工事中も、境界付近の変更には慎重に対応する必要があります。現場判断で塀の位置を少し動かす、排水桝を道路側へ寄せる、スロープの勾配を変えるといった小さな変更でも、境界や道路施設に影響する場合があります。変更が必要になった場合は、境界確認資料に戻り、道路管理者への再確認が必要かどうかを判断します。道路境界確認は着工前に終わる作業ではなく、工事中の変更管理にも関係するものとして扱うことが重要です。


最後に、完成後の記録も残しておくと、将来の維持管理や追加工事に役立ちます。完成写真、施工位置、道路側施設との取り合い、協議記録、申請書類、確認図面を整理しておけば、次回工事や売却、建替え、点検時に活用できます。道路境界に関する情報は、一度整理しておくと社内資産になります。個別現場の確認で終わらせず、次の現場でも使えるチェック項目として標準化していくことが望ましいです。


まとめ

道路境界確認が必要になる工事では、現地の見た目だけで判断せず、境界標、既存構造物、境界確定図、道路台帳、道路幅員、建築基準法上の道路扱い、セットバック、道路占用や掘削、関係者確認を総合的に整理することが大切です。道路に接する工事は、敷地内の工事に見えても、道路区域や道路施設、通行安全、申請手続きに影響することがあります。着工前に確認を済ませておくことで、施工位置の変更、申請漏れ、近隣調整の遅れ、道路管理者との協議不足といった手戻りを減らしやすくなります。


特に実務担当者が注意すべきなのは、道路境界、道路幅員、後退線、現況線を混同しないことです。舗装端や側溝が境界のように見えても、資料上の境界と一致するとは限りません。古い塀や門柱が残っていても、それが正しい位置にあるとは限りません。反対に、資料に線が記載されていても、現地で境界標が確認できなければ、施工には慎重な判断が必要です。現地、資料、関係者確認を組み合わせて、工事に使える情報へ整理することが重要です。

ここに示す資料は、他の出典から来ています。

(* For every positive integer $n$, $$\sum_{k=1}^{n} \frac{2^k}{k} = \frac{2^n}{\mathrm{lcm}(1,2,\dots,n)} \cdot N_n,$$ where $N_n := \mathrm{lcm}\left\{\binom{n-1}{0}, \binom{n-1}{1}, \dots, \binom{n-1}{n-1}\right\} \cdot \sum_{k=0}^{n-1} \binom{n-1}{k}^{-1}$ is a positive integer. *)

From mathcomp Require Import all_boot all_order all_algebra.
Set Implicit Arguments. Unset Strict Implicit. Unset Printing Implicit Defensive.
Import Order.TTheory GRing.Theory Num.Theory.

Definition lcm_upto (n : nat) : nat := \big[lcmn/1%N]_(1 <= i < n.+1) i.

Definition lcm_binom (n : nat) : nat := \big[lcmn/1%N]_(k < n) 'C(n.-1, k).

Definition N_ (n : nat) : rat :=
  ((lcm_binom n)%:R * \sum_(k < n) ('C(n.-1, k)%:R)^-1)%R.

From mathcomp Require Import all_boot all_algebra.
From mathcomp Require Import zify ring lra.
Set Implicit Arguments. Unset Strict Implicit. Unset Printing Implicit Defensive.
Import GRing.Theory Num.Theory.

(* The denominators [leibniz M k = (M+1) C(M,k)] of Leibniz's harmonic triangle
   satisfy 1/L(M,k) = 1/L(M+1,k) + 1/L(M+1,k+1).  Summing row M+1 in two ways
   gives S(M+1) = S(M)/2 + 1/(M+2) for the row sums S(M) of the 1/L(M,k), hence
   sum_(k=1..n) 2^k/k = 2^n S(n-1) by induction.  Read as divisibilities, the
   same relation shows that the common multiples of row n-1 are exactly those of
   its left edge L(j,0) = j+1, i.e. of 1, ..., n: so lcm(1..n) = n lcm_k C(n-1,k),
   and N_n = sum_k lcm_j C(n-1,j) / C(n-1,k) is a positive integer. *)

(* [c * b = a * (b + c)] is 1/a = 1/b + 1/c without fractions. *)
Lemma dvdn_harmonic_sum a b c L : 0 < b -> 0 < c -> c * b = a * (b + c) ->
  b %| L -> c %| L -> a %| L.
Proof.
move=> b0 c0 abc /dvdnP[u ->] /dvdnP[v Lv].
have bc0 : 0 < b * c by rewrite muln_gt0 b0.
apply/dvdnP; exists (u + v); apply/eqP; rewrite -(eqn_pmul2r bc0); apply/eqP.
nia.
Qed.

Lemma dvdn_harmonic_diff a b c L : 0 < a -> 0 < b -> c * b = a * (b + c) ->
  a %| L -> b %| L -> c %| L.
Proof.
move=> a0 b0 abc /dvdnP[u Lu] /dvdnP[v Lv].
have ab0 : 0 < a * b by rewrite muln_gt0 a0.
apply/dvdnP; exists (u - v); apply/eqP; rewrite -(eqn_pmul2r ab0); apply/eqP.
nia.
Qed.

Definition leibniz M k := M.+1 * 'C(M, k).

Lemma leibniz_gt0 M k : k <= M -> 0 < leibniz M k.
Proof. by move=> kM; rewrite muln_gt0 bin_gt0. Qed.

Lemma leibniz0 M : leibniz M 0 = M.+1.
Proof. by rewrite /leibniz bin0 muln1. Qed.

Lemma leibnizn M : leibniz M M = M.+1.
Proof. by rewrite /leibniz binn muln1. Qed.

Lemma leibnizS M k :
  leibniz M.+1 k.+1 * leibniz M.+1 k = leibniz M k * (leibniz M.+1 k + leibniz M.+1 k.+1).
Proof.
rewrite /leibniz; set C := 'C(M.+1, k); set C' := 'C(M.+1, k.+1).
have [kM | Mk] := leqP k M.+1; last by rewrite /C /C' !bin_small ?muln0 ?mul0n; lia.
have -> : M.+1 * 'C(M, k) * (M.+2 * C + M.+2 * C') =
    M.+2 * ((M.+1 * 'C(M, k)) * C + (M.+1 * 'C(M, k)) * C') by lia.
have diag := mul_bin_diag M.+1 k; have down := mul_bin_down M.+1 k.
rewrite /= -/C -/C' in diag down; rewrite {1}diag down.
nia.
Qed.

Lemma leibniz_row_dvd_pred L M :
  (forall k, k <= M.+1 -> leibniz M.+1 k %| L) -> forall k, k <= M -> leibniz M k %| L.
Proof.
move=> row k kM.
apply: (dvdn_harmonic_sum (b := leibniz M.+1 k) (c := leibniz M.+1 k.+1)).
- exact: leibniz_gt0 (leqW kM).
- exact: leibniz_gt0.
- exact: leibnizS.
- exact: row (leqW kM).
- exact: row.
Qed.

Lemma leibniz_rows_dvd L M : (forall k, k <= M -> leibniz M k %| L) ->
  forall j k, j <= M -> k <= j -> leibniz j k %| L.
Proof.
elim: M => [|M IH] row j k.
  by rewrite leqn0 => /eqP-> /row.
rewrite leq_eqVlt => /orP[/eqP-> /row // | jM].
exact: IH (leibniz_row_dvd_pred row) j k jM.
Qed.

Lemma leibniz_row_dvd_succ L M : (forall k, k <= M -> leibniz M k %| L) ->
  M.+2 %| L -> forall k, k <= M.+1 -> leibniz M.+1 k %| L.
Proof.
move=> row ML; elim=> [|k IH] kM; first by rewrite leibniz0.
apply: (dvdn_harmonic_diff (a := leibniz M k) (b := leibniz M.+1 k)).
- exact: leibniz_gt0.
- exact: leibniz_gt0 (ltnW kM).
- exact: leibnizS.
- exact: row.
- exact: IH (ltnW kM).
Qed.

Lemma lcm_upto0 : lcm_upto 0 = 1.
Proof. by rewrite /lcm_upto big_geq. Qed.

Lemma lcm_uptoS n : lcm_upto n.+1 = lcmn (lcm_upto n) n.+1.
Proof. by rewrite /lcm_upto big_nat_recr. Qed.

Lemma dvdn_lcm_upto n j : 0 < j <= n -> j %| lcm_upto n.
Proof.
elim: n => [|n IH] /andP[j0 jn]; first by case: j j0 jn.
rewrite lcm_uptoS; move: jn; rewrite leq_eqVlt => /orP[/eqP-> | jn].
  exact: dvdn_lcmr.
by apply: dvdn_trans (dvdn_lcml _ _); apply: IH; rewrite j0.
Qed.

Lemma lcm_upto_dvd n L : (forall j, 0 < j <= n -> j %| L) -> lcm_upto n %| L.
Proof.
elim: n => [|n IH] dvdL; first by rewrite lcm_upto0 dvd1n.
rewrite lcm_uptoS dvdn_lcm; apply/andP; split; last by apply: dvdL; rewrite leqnn.
by apply: IH => j /andP[j0 jn]; apply: dvdL; rewrite j0 leqW.
Qed.

Lemma leibniz_dvd_lcm_upto M k : k <= M -> leibniz M k %| lcm_upto M.+1.
Proof.
elim: M k => [|M IH] k kM.
  by move: kM; rewrite leqn0 => /eqP->; rewrite leibniz0 lcm_uptoS dvdn_lcmr.
apply: leibniz_row_dvd_succ kM => [j jM|].
  by rewrite lcm_uptoS; apply: dvdn_trans (IH j jM) (dvdn_lcml _ _).
by rewrite lcm_uptoS dvdn_lcmr.
Qed.

Lemma lcm_upto_leibniz n : lcm_upto n.+1 = n.+1 * lcm_binom n.+1.
Proof.
apply/eqP; rewrite eqn_dvd; apply/andP; split.
  apply: lcm_upto_dvd => j /andP[j0 jn].
  rewrite -(prednK j0) -leibniz0.
  apply: (leibniz_rows_dvd (M := n)) => // [k kn|]; last by rewrite -ltnS prednK.
  by rewrite /leibniz dvdn_pmul2l // (biglcmn_sup (Ordinal (kn : k < n.+1))).
have n1_dvd : n.+1 %| lcm_upto n.+1 by apply: dvdn_lcm_upto; rewrite leqnn.
rewrite mulnC -dvdn_divRL //; apply/dvdn_biglcmP => k _.
by rewrite dvdn_divRL // mulnC; apply: leibniz_dvd_lcm_upto; rewrite -ltnS ltn_ord.
Qed.

Local Open Scope ring_scope.

Lemma harmonic_natr {F : numFieldType} a b c : (0 < b)%N -> (0 < c)%N ->
  (c * b = a * (b + c))%N -> a%:R^-1 = b%:R^-1 + c%:R^-1 :> F.
Proof.
move=> b0 c0 /(congr1 (GRing.natmul (1 : F))); rewrite !natrM natrD => abc.
have bc0 : b%:R + c%:R != 0 :> F by rewrite -natrD pnatr_eq0 -lt0n addn_gt0 b0.
have -> : a%:R = c%:R * b%:R / (b%:R + c%:R) :> F by rewrite abc mulfK.
by field; rewrite bc0 !pnatr_eq0 -!lt0n b0 c0.
Qed.

Definition leibniz_inv_sum M : rat := \sum_(k < M.+1) (leibniz M k)%:R^-1.

Lemma leibniz_inv_sumE M :
  leibniz_inv_sum M = M.+1%:R^-1 * \sum_(k < M.+1) ('C(M, k)%:R)^-1.
Proof. by rewrite mulr_sumr; apply: eq_bigr => k _; rewrite natrM invfM. Qed.

Lemma leibniz_inv_rec M k : (k <= M)%N ->
  (leibniz M k)%:R^-1 = (leibniz M.+1 k)%:R^-1 + (leibniz M.+1 k.+1)%:R^-1 :> rat.
Proof.
by move=> kM; apply: (harmonic_natr _ _ (leibnizS M k)); apply: leibniz_gt0 => //; exact: leqW.
Qed.

Lemma leibniz_inv_sumS M : leibniz_inv_sum M.+1 = leibniz_inv_sum M / 2 + M.+2%:R^-1.
Proof.
have pascal : leibniz_inv_sum M = \sum_(k < M.+1) (leibniz M.+1 k)%:R^-1
                                + \sum_(k < M.+1) (leibniz M.+1 k.+1)%:R^-1.
  by rewrite -big_split; apply: eq_bigr => k _; apply: leibniz_inv_rec; rewrite -ltnS.
have drop_last : leibniz_inv_sum M.+1 = \sum_(k < M.+1) (leibniz M.+1 k)%:R^-1 + M.+2%:R^-1.
  by rewrite /leibniz_inv_sum big_ord_recr /= leibnizn.
have drop_first : leibniz_inv_sum M.+1 = M.+2%:R^-1 + \sum_(k < M.+1) (leibniz M.+1 k.+1)%:R^-1.
  by rewrite /leibniz_inv_sum big_ord_recl leibniz0.
rewrite pascal; move: drop_last drop_first; set m := M.+2%:R^-1; lra.
Qed.

Lemma sum_exp2_div m :
  \sum_(1 <= k < m.+2) (2 ^+ k : rat) / k%:R = 2 ^+ m.+1 * leibniz_inv_sum m.
Proof.
elim: m => [|m IH].
  by rewrite big_nat1 /leibniz_inv_sum big_ord1 leibniz0.
rewrite big_nat_recr //= IH leibniz_inv_sumS !exprS.
move: (2 ^+ m) (leibniz_inv_sum m) => p s.
by field; rewrite -natrD pnatr_eq0.
Qed.

Lemma lcm_binom_gt0 n : (0 < lcm_binom n)%N.
Proof.
apply: (big_ind (fun x => 0 < x)%N) => // [x y x0 y0 | k _].
  by rewrite lcmn_gt0 x0.
by rewrite bin_gt0 -ltnS prednK // (leq_ltn_trans (leq0n k)).
Qed.

Lemma N_natE n : N_ n = (\sum_(k < n) lcm_binom n %/ 'C(n.-1, k))%:R.
Proof.
rewrite /N_ natr_sum mulr_sumr; apply: eq_bigr => k _.
have C0 : (0 < 'C(n.-1, k))%N by rewrite bin_gt0 -ltnS prednK // (leq_ltn_trans (leq0n k)).
by rewrite natr_div // ?(biglcmn_sup k) // unitfE pnatr_eq0 -lt0n.
Qed.

Theorem mainTheorem8 (n : nat) (hn : (0 < n)%N) :
  \sum_(1 <= k < n.+1) ((2 ^+ k : rat) / k%:R)
    = (2 ^+ n / (lcm_upto n)%:R) * N_ n
  /\ exists m : nat, (0 < m)%N /\ N_ n = m%:R.
Proof.
case: n hn => // m _; split.
  have L0 : (lcm_binom m.+1)%:R != 0 :> rat by rewrite pnatr_eq0 -lt0n lcm_binom_gt0.
  rewrite sum_exp2_div leibniz_inv_sumE /N_ lcm_upto_leibniz natrM.
  by field; rewrite L0 addrC natr1 pnatr_eq0.
exists (\sum_(k < m.+1) lcm_binom m.+1 %/ 'C(m, k))%N; split; last exact: N_natE.
by rewrite big_ord_recl bin0 divn1 ltn_addr ?lcm_binom_gt0.
Qed.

工事前のチェック項目としては、まず現地の境界標と既存構造物を確認し、次に境界確定図や道路台帳などの資料を照合します。そのうえで、道路幅員と建築基準法上の道路扱い、セットバックや後退部分、道路占用・掘削・乗入れの要否、隣接所有者や道路管理者との確認状況を整理します。この6つを順番に確認すれば、道路境界に関する主要なリスクを早い段階で把握しやすくなります。


道路境界確認は、設計者や測量担当者だけの作業ではありません。施工管理者、外構担当者、設備担当者、営業担当者、発注者も、境界情報を共有しておく必要があります。境界に関する判断が一部の担当者の頭の中だけにあると、現場で位置出しをする段階や、外構の納まりを決める段階で認識がずれることがあります。写真、図面、メモ、協議記録を残し、誰が見ても分かる形で管理することが、工事全体の品質を安定させます。

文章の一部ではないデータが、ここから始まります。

(* Let $(H,\alpha_H)$ be a Hom-bialgebra, let $m\in\mathbb Z$, and for Hom-Long dimodules $(U,\alpha_U),(V,\alpha_V)$ define $\xi_{U,V}:U\otimes V\to U\otimes V$, $u\otimes v\mapsto\alpha_U^{-1}(u)\cdot\alpha_H^m(v_{(1)})\otimes\alpha_V^{-1}(v_{(0)})$. Then for all Hom-Long dimodules $U,V,W$, $$(\xi_{U,V}\otimes\mathrm{id}_W)\circ a^{-1}_{U,V,W}\circ(\mathrm{id}_U\otimes\xi_{V,W})\circ a_{U,V,W}=a^{-1}_{U,V,W}\circ(\mathrm{id}_U\otimes\xi_{V,W})\circ a_{U,V,W}\circ(\xi_{U,V}\otimes\mathrm{id}_W)$$ as maps $(U\otimes V)\otimes W\to(U\otimes V)\otimes W$.
   Context: $\Bbbk$ field of characteristic $0$; vector spaces finite-dimensional; structure maps $\alpha$ bijective; $i,j$ fixed integers; $a_{X,Y,Z}((x\otimes y)\otimes z)=\alpha_X^{i+1}(x)\otimes(y\otimes\alpha_Z^{-j-1}(z))$ is the associativity constraint of $\overline{\mathcal H}^{i,j}(Vec_\Bbbk)$ (objects $(X,\alpha_X)$, $\alpha_X$ a linear automorphism). Hom-bialgebra: Hom-algebra ($\alpha(a)(bc)=(ab)\alpha(c)$, $\alpha(1)=1$, $1a=a1=\alpha(a)$), Hom-coalgebra ($\varepsilon\alpha=\varepsilon$, $\alpha(c_1)\otimes\Delta(c_2)=\Delta(c_1)\otimes\alpha(c_2)$, $\varepsilon(c_1)c_2=c_1\varepsilon(c_2)=\alpha(c)$), $\Delta,\varepsilon$ unit-preserving Hom-algebra maps. A Hom-Long dimodule is $(U,\alpha_U)$, a right $H$-Hom-module ($(u\cdot a)\cdot\alpha_H(b)=\alpha_U(u)\cdot(ab)$, $u\cdot1_H=\alpha_U(u)$) and right $H$-Hom-comodule ($\rho(u)=u_{(0)}\otimes u_{(1)}$, $\alpha_U(u_{(0)})\otimes\Delta(u_{(1)})=\rho(u_{(0)})\otimes\alpha_H(u_{(1)})$, $\varepsilon(u_{(1)})u_{(0)}=\alpha_U(u)$), structure maps commuting with the $\alpha$'s, with $\rho(u\cdot h)=u_{(0)}\cdot\alpha_H(h)\otimes\alpha_H(u_{(1)})$. *)

(* Finite-dimensional K-vector spaces are modelled by
   coordinates: a space of dimension n is 'rV[K]_n, a linear map
   K^n -> K^p is a matrix A : 'M_(n, p) acting on the RIGHT (v |-> v *m A),
   so the composite "g o f" is the matrix  F *m G.
   The tensor product of K^n and K^m is K^(n*m) with the Kronecker product
   (tensmx, "*t", from mathcomp-real-closed's mxtens), index (a,b) |-> a*m+b. *)
From HB Require Import structures.
From mathcomp Require Import all_boot all_order all_algebra.
From mathcomp Require Export mxtens.
Set Implicit Arguments. Unset Strict Implicit. Unset Printing Implicit Defensive.
Import GRing.Theory Num.Theory.
Local Open Scope ring_scope.

Section HomDefs.
Variable K : fieldType.

Definition mxpowz {n} (A : 'M[K]_n) (k : int) : 'M[K]_n :=
  match k with
  | Posz p => iter p (mulmx A) 1%:M
  | Negz p => iter p.+1 (mulmx (invmx A)) 1%:M
  end.

Definition assocmx n m p : 'M[K]_(n * m * p, n * (m * p)) :=
  castmx (erefl _, esym (mulnA n m p)) (1%:M : 'M[K]_(n * m * p)).
Definition assocmxV n m p : 'M[K]_(n * (m * p), n * m * p) :=
  castmx (esym (mulnA n m p), erefl _) (1%:M : 'M[K]_(n * m * p)).

(* middle interchange (a (x) b) (x) (c (x) d) |-> (a (x) c) (x) (b (x) d) *)
Definition midmx n m p q : 'M[K]_(n * m * (p * q), n * p * (m * q)) :=
  \matrix_(r, c)
    (let x := (mxtens_unindex r).1 in let y := (mxtens_unindex r).2 in
     let a := (mxtens_unindex x).1 in let b := (mxtens_unindex x).2 in
     let c' := (mxtens_unindex y).1 in let d := (mxtens_unindex y).2 in
     (c == mxtens_index (mxtens_index (a, c'), mxtens_index (b, d)))%:R).

(* (u (x) x) (x) y |-> (u (x) y) (x) x *)
Definition swap23mx n p q : 'M[K]_(n * p * q, n * q * p) :=
  \matrix_(r, c)
    (let x := (mxtens_unindex r).1 in let y := (mxtens_unindex r).2 in
     let u := (mxtens_unindex x).1 in let z := (mxtens_unindex x).2 in
     (c == mxtens_index (mxtens_index (u, y), z))%:R).

(* u (x) (v (x) x) |-> (u (x) x) (x) v *)
Definition perm132mx n m p : 'M[K]_(n * (m * p), n * p * m) :=
  \matrix_(r, c)
    (let u := (mxtens_unindex r).1 in let y := (mxtens_unindex r).2 in
     let v := (mxtens_unindex y).1 in let x := (mxtens_unindex y).2 in
     (c == mxtens_index (mxtens_index (u, x), v))%:R).

Record hom_bialg_data := HomBialgData {
  hdim : nat;
  halpha : 'M[K]_hdim;
  hmul : 'M[K]_(hdim * hdim, hdim);
  hunit : 'rV[K]_hdim;
  hcomul : 'M[K]_(hdim, hdim * hdim);
  hcounit : 'cV[K]_hdim }.

Definition is_hom_bialgebra (H : hom_bialg_data) : Prop :=
  let h := hdim H in let al := halpha H in let mu := hmul H in
  let e := hunit H in let D := hcomul H in let eps := hcounit H in
  [/\
      al \in unitmx,
    [/\
      mu *m al = (al *t al) *m mu,
      e *m al = e,
      (* Hom-associativity  alpha(a)(bc) = (ab)alpha(c) *)
      assocmx h h h *m (al *t mu) *m mu = (mu *t al) *m mu &
      (* 1a = a1 = alpha(a) *)
      (forall a : 'rV[K]_h, (e *t a) *m mu = a *m al /\ (a *t e) *m mu = a *m al)] &
    [/\
      al *m D = D *m (al *t al),
      al *m eps = eps,
      (* Hom-coassociativity alpha(c1) (x) Delta(c2) = Delta(c1) (x) alpha(c2) *)
      D *m (al *t D) = D *m (D *t al) *m assocmx h h h,
      (* eps(c1)c2 = c1 eps(c2) = alpha(c) *)
      castmx (erefl _, mul1n h) (D *m (eps *t 1%:M)) = al /\
      castmx (erefl _, muln1 h) (D *m (1%:M *t eps)) = al &
      [/\ mu *m D = (D *t D) *m midmx h h h h *m (mu *t mu),
          e *m D = e *t e,
          mu *m eps = eps *t eps &
          e *m eps = 1%:M]]].

Record hom_dimod_data (H : hom_bialg_data) := HomDimodData {
  udim : nat;
  ualpha : 'M[K]_udim;
  uact : 'M[K]_(udim * hdim H, udim);
  ucoact : 'M[K]_(udim, udim * hdim H) }.

Definition is_hom_long_dimodule (H : hom_bialg_data) (U : hom_dimod_data H) : Prop :=
  let h := hdim H in let al := halpha H in let mu := hmul H in
  let e := hunit H in let D := hcomul H in let eps := hcounit H in
  let n := udim U in let aU := ualpha U in let act := uact U in
  let rho := ucoact U in
  [/\
      aU \in unitmx,
    [/\
      (aU *t al) *m act = act *m aU,
      aU *m rho = rho *m (aU *t al),
      (* right H-Hom-module: (u.a).alpha(b) = alpha(u).(ab), u.1 = alpha(u) *)
      (act *t al) *m act = assocmx n h h *m (aU *t mu) *m act &
      (forall u : 'rV[K]_n, (u *t e) *m act = u *m aU)] &
    [/\
      rho *m (aU *t D) = rho *m (rho *t al) *m assocmx n h h,
      castmx (erefl _, muln1 n) (rho *m (1%:M *t eps)) = aU &
      (* Long compatibility: rho(u.h) = u_(0).alpha(h) (x) alpha(u_(1)) *)
      act *m rho = (rho *t al) *m swap23mx n h h *m (act *t al)]].

(* the associativity constraint of H^{i,j}(Vec_K) and its inverse *)
Definition assoc_ij (i j : int) n m p (aX : 'M[K]_n) (aY : 'M[K]_m) (aZ : 'M[K]_p)
  : 'M[K]_(n * m * p, n * (m * p)) :=
  ((mxpowz aX (i + 1) *t (1%:M : 'M[K]_m)) *t mxpowz aZ (- j - 1)) *m assocmx n m p.
Definition assoc_ijV (i j : int) n m p (aX : 'M[K]_n) (aY : 'M[K]_m) (aZ : 'M[K]_p)
  : 'M[K]_(n * (m * p), n * m * p) :=
  assocmxV n m p *m ((mxpowz aX (- i - 1) *t (1%:M : 'M[K]_m)) *t mxpowz aZ (j + 1)).

Definition xi (H : hom_bialg_data) (m : int) (U V : hom_dimod_data H)
  : 'M[K]_(udim U * udim V, udim U * udim V) :=
  ((1%:M : 'M[K]_(udim U)) *t ucoact V) *m perm132mx (udim U) (udim V) (hdim H)
  *m (((mxpowz (ualpha U) (-1) *t mxpowz (halpha H) m) *m uact U)
        *t mxpowz (ualpha V) (-1)).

道路境界付近の確認や記録を効率化したい場合は、現地で取得した位置情報や写真、メモをその場で整理し、関係者に共有できる仕組みを用意しておくと実務が進めやすくなります。ただし、現場記録の仕組みは境界そのものを確定するものではありません。境界や後退線の判断は、現地確認、関係資料、道路管理者や関係部署への確認、必要に応じた専門家の判断を組み合わせて行うことが前提です。工事前の道路境界確認を確実に記録し、施工管理に反映できる体制を整えることで、確認漏れや共有不足を減らしやすくなります。